*** Exercise material
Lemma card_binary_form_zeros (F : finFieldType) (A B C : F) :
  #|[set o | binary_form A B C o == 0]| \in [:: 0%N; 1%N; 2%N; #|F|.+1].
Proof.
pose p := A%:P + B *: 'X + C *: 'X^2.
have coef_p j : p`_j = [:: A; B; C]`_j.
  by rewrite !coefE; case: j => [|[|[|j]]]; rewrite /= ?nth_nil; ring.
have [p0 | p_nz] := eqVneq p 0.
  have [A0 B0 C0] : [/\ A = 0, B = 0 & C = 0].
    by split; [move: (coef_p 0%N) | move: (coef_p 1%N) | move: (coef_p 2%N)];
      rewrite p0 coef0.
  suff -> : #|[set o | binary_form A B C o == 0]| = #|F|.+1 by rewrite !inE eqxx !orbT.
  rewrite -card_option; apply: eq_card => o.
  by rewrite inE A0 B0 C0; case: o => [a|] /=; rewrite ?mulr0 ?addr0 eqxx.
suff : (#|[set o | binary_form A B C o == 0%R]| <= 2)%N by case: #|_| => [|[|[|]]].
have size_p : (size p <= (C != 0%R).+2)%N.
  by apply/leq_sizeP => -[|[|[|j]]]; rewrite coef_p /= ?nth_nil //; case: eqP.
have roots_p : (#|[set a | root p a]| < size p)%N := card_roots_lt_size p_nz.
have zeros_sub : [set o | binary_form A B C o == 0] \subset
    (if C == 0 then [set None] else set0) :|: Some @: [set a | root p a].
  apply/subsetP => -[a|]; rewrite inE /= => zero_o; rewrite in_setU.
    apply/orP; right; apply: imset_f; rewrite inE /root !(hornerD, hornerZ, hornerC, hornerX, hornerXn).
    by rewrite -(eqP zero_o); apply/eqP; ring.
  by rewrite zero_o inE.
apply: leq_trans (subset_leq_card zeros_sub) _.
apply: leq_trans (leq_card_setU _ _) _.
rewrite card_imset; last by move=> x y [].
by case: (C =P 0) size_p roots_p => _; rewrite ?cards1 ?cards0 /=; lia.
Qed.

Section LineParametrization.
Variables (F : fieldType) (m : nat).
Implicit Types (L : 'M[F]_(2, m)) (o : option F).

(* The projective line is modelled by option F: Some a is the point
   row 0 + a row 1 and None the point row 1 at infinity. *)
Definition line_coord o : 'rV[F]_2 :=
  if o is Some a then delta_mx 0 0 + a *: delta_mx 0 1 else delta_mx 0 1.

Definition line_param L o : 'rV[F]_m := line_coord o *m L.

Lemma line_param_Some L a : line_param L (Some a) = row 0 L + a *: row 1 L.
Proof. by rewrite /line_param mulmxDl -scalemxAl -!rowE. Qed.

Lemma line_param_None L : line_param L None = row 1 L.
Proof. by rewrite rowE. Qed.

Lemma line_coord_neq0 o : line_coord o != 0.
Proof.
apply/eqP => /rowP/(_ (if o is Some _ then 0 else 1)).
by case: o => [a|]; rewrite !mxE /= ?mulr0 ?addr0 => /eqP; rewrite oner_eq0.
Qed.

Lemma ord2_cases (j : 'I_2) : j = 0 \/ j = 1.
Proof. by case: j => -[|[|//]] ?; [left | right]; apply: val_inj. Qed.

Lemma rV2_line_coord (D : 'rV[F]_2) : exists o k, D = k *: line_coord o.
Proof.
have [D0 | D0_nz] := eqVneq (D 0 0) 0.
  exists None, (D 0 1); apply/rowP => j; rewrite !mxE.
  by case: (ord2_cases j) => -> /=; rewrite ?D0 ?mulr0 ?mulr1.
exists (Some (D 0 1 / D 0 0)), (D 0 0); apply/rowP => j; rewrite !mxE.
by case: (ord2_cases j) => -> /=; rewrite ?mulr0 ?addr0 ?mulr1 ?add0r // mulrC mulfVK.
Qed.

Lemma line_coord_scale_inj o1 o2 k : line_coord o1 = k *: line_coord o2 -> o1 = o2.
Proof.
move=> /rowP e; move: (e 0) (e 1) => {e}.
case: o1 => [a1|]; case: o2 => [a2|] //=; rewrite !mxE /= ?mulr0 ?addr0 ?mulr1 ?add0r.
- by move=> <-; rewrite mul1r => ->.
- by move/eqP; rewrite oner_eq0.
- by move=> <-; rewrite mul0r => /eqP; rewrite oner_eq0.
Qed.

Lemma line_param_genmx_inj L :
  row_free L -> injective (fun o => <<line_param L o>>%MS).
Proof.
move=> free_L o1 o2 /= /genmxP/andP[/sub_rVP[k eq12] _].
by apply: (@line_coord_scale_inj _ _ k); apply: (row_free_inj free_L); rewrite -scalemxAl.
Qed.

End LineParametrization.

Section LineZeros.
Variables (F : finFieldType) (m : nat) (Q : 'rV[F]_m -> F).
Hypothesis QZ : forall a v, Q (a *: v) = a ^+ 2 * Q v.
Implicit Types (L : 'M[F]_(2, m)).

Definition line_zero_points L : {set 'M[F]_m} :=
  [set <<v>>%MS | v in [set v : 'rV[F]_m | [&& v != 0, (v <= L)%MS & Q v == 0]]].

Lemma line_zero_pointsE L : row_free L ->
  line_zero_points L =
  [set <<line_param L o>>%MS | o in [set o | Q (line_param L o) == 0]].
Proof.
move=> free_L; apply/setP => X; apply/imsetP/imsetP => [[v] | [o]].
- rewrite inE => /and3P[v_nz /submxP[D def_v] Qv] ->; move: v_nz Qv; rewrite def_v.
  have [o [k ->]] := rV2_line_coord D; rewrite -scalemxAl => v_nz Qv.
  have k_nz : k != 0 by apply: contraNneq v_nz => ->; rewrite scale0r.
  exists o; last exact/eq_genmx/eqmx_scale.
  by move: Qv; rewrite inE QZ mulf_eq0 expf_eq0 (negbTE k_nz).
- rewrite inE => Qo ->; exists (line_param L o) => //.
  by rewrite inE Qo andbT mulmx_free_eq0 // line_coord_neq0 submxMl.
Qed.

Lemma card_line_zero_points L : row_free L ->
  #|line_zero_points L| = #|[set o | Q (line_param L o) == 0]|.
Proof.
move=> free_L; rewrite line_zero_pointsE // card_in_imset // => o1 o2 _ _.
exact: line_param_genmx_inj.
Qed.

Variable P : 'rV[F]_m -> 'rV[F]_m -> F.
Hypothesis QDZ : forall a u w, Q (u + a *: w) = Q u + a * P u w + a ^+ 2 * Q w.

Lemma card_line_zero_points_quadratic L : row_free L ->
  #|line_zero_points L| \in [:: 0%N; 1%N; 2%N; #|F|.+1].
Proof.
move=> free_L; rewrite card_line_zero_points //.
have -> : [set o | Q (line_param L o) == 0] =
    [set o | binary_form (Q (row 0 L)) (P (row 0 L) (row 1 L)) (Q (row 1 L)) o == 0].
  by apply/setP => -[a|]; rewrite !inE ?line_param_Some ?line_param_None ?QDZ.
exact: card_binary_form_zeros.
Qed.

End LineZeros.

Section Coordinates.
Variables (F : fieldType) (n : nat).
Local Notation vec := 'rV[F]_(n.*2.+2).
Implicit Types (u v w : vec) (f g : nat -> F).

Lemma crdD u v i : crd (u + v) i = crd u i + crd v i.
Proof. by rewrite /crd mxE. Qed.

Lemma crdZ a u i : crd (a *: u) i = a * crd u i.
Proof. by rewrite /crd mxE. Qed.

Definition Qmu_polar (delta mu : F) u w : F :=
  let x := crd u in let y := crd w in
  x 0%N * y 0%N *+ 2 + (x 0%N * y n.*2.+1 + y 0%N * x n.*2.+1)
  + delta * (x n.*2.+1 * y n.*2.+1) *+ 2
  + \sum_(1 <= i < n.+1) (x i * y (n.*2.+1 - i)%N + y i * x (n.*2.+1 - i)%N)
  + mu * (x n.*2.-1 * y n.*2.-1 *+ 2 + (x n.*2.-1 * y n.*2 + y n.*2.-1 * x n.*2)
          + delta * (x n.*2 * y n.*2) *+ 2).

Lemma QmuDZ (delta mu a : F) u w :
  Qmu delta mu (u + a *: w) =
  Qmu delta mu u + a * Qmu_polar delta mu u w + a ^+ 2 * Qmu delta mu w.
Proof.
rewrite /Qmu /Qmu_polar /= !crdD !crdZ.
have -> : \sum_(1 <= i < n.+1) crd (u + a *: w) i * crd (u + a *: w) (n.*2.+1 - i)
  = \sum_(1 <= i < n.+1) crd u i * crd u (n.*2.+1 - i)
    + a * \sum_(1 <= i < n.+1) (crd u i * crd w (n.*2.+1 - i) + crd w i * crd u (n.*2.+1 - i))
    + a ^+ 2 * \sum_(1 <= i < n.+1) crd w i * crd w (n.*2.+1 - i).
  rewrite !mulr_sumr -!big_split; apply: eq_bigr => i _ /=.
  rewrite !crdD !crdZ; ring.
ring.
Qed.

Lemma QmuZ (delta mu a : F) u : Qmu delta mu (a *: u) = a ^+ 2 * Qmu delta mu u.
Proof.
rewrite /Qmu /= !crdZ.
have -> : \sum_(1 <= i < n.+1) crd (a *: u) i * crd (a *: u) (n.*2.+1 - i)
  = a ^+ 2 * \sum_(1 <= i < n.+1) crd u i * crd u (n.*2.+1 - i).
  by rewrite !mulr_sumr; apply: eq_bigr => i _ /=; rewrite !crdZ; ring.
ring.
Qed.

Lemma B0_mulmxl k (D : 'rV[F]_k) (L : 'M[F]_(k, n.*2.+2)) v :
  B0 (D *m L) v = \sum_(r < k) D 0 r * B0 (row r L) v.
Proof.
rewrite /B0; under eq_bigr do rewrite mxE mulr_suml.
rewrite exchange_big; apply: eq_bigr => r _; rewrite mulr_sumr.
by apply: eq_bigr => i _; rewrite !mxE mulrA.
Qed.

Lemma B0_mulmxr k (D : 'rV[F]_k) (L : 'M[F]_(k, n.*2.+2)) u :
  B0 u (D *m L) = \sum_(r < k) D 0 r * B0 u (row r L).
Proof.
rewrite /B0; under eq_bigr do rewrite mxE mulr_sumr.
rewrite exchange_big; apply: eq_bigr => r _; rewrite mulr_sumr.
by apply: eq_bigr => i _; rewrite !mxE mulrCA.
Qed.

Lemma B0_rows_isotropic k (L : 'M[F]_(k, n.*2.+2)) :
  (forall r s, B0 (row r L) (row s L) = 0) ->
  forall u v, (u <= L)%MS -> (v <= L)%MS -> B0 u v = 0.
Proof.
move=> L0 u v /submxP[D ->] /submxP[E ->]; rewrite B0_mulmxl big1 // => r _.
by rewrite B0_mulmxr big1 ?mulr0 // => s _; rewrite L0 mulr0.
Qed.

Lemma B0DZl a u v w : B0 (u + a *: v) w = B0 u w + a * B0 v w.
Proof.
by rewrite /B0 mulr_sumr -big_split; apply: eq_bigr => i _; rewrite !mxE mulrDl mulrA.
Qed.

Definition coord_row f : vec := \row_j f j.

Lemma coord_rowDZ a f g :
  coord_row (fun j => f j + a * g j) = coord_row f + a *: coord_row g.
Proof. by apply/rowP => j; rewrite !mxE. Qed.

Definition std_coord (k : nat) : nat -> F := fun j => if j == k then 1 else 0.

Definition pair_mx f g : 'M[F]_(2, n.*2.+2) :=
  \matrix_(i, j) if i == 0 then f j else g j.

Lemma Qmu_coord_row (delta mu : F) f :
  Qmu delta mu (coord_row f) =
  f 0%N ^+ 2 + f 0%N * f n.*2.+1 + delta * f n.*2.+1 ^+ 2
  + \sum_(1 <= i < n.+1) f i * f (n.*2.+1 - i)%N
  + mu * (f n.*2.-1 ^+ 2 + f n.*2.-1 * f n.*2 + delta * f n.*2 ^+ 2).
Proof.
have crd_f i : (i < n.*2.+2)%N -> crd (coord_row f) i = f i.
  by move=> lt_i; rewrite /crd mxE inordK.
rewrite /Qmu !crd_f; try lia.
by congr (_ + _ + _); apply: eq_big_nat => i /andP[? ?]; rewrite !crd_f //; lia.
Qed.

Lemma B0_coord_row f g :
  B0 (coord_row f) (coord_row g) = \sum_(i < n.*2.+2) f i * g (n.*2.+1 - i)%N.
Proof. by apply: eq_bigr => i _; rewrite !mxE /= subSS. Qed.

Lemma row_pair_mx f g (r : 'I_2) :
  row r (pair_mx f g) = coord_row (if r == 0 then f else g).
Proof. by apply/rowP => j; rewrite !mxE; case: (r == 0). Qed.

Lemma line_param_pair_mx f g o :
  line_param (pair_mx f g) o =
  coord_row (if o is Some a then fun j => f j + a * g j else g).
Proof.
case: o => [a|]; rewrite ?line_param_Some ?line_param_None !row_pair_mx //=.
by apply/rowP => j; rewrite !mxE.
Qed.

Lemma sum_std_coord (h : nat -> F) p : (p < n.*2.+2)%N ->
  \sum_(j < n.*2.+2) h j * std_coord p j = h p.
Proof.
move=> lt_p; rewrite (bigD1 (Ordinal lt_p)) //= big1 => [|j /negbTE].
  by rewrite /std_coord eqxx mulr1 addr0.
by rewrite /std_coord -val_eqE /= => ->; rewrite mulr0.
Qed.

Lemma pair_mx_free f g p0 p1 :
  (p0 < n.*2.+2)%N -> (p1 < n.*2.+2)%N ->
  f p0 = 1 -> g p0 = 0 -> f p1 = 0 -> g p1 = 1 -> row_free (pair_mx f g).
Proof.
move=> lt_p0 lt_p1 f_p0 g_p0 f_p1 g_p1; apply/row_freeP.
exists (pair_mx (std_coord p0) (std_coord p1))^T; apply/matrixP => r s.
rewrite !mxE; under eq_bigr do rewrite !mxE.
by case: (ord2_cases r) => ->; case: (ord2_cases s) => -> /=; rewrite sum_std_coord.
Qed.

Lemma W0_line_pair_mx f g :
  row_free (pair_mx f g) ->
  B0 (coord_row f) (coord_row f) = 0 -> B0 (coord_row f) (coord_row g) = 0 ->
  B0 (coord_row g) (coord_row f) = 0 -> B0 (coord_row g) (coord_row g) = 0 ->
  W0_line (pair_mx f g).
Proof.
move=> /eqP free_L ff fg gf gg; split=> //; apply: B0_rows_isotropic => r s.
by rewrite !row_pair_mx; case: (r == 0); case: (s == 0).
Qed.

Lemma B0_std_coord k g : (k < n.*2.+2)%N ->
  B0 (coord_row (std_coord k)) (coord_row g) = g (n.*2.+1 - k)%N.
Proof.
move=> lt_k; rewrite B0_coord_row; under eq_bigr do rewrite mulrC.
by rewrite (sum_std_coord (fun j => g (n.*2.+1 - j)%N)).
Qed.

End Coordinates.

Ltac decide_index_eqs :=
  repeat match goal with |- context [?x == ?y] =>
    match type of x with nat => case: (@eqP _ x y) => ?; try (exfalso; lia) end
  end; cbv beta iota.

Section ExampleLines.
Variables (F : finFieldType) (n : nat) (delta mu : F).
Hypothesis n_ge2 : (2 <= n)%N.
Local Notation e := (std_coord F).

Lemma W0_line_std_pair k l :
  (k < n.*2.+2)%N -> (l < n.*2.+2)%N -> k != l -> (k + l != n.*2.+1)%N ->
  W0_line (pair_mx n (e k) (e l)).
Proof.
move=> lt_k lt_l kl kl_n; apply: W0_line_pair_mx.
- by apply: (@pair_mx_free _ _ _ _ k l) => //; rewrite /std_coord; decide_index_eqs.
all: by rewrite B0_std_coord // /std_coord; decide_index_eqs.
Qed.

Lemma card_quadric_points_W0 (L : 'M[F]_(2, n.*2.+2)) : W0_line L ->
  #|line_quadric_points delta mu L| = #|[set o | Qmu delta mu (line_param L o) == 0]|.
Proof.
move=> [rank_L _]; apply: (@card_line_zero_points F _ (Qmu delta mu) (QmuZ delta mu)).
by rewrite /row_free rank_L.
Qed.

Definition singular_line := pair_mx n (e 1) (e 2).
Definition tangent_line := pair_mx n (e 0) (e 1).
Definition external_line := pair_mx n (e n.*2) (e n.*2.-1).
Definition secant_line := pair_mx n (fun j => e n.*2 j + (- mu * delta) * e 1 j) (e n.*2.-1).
******
• **Activity**: Retype only this portion of the data above: the line containing "coord_row (if o", the line containing "std_coord p j = h p.", and all lines between them, exactly.

• **Reply to the task**:
  coord_row (if o is Some a then fun j => f j + a * g j else g).
Proof.
case: o => [a|]; rewrite ?line_param_Some ?line_param_None !row_pair_mx //=.
by apply/rowP => j; rewrite !mxE.
Qed.

Lemma sum_std_coord (h : nat -> F) p : (p < n.*2.+2)%N ->
  \sum_(j < n.*2.+2) h j * std_coord p j = h p.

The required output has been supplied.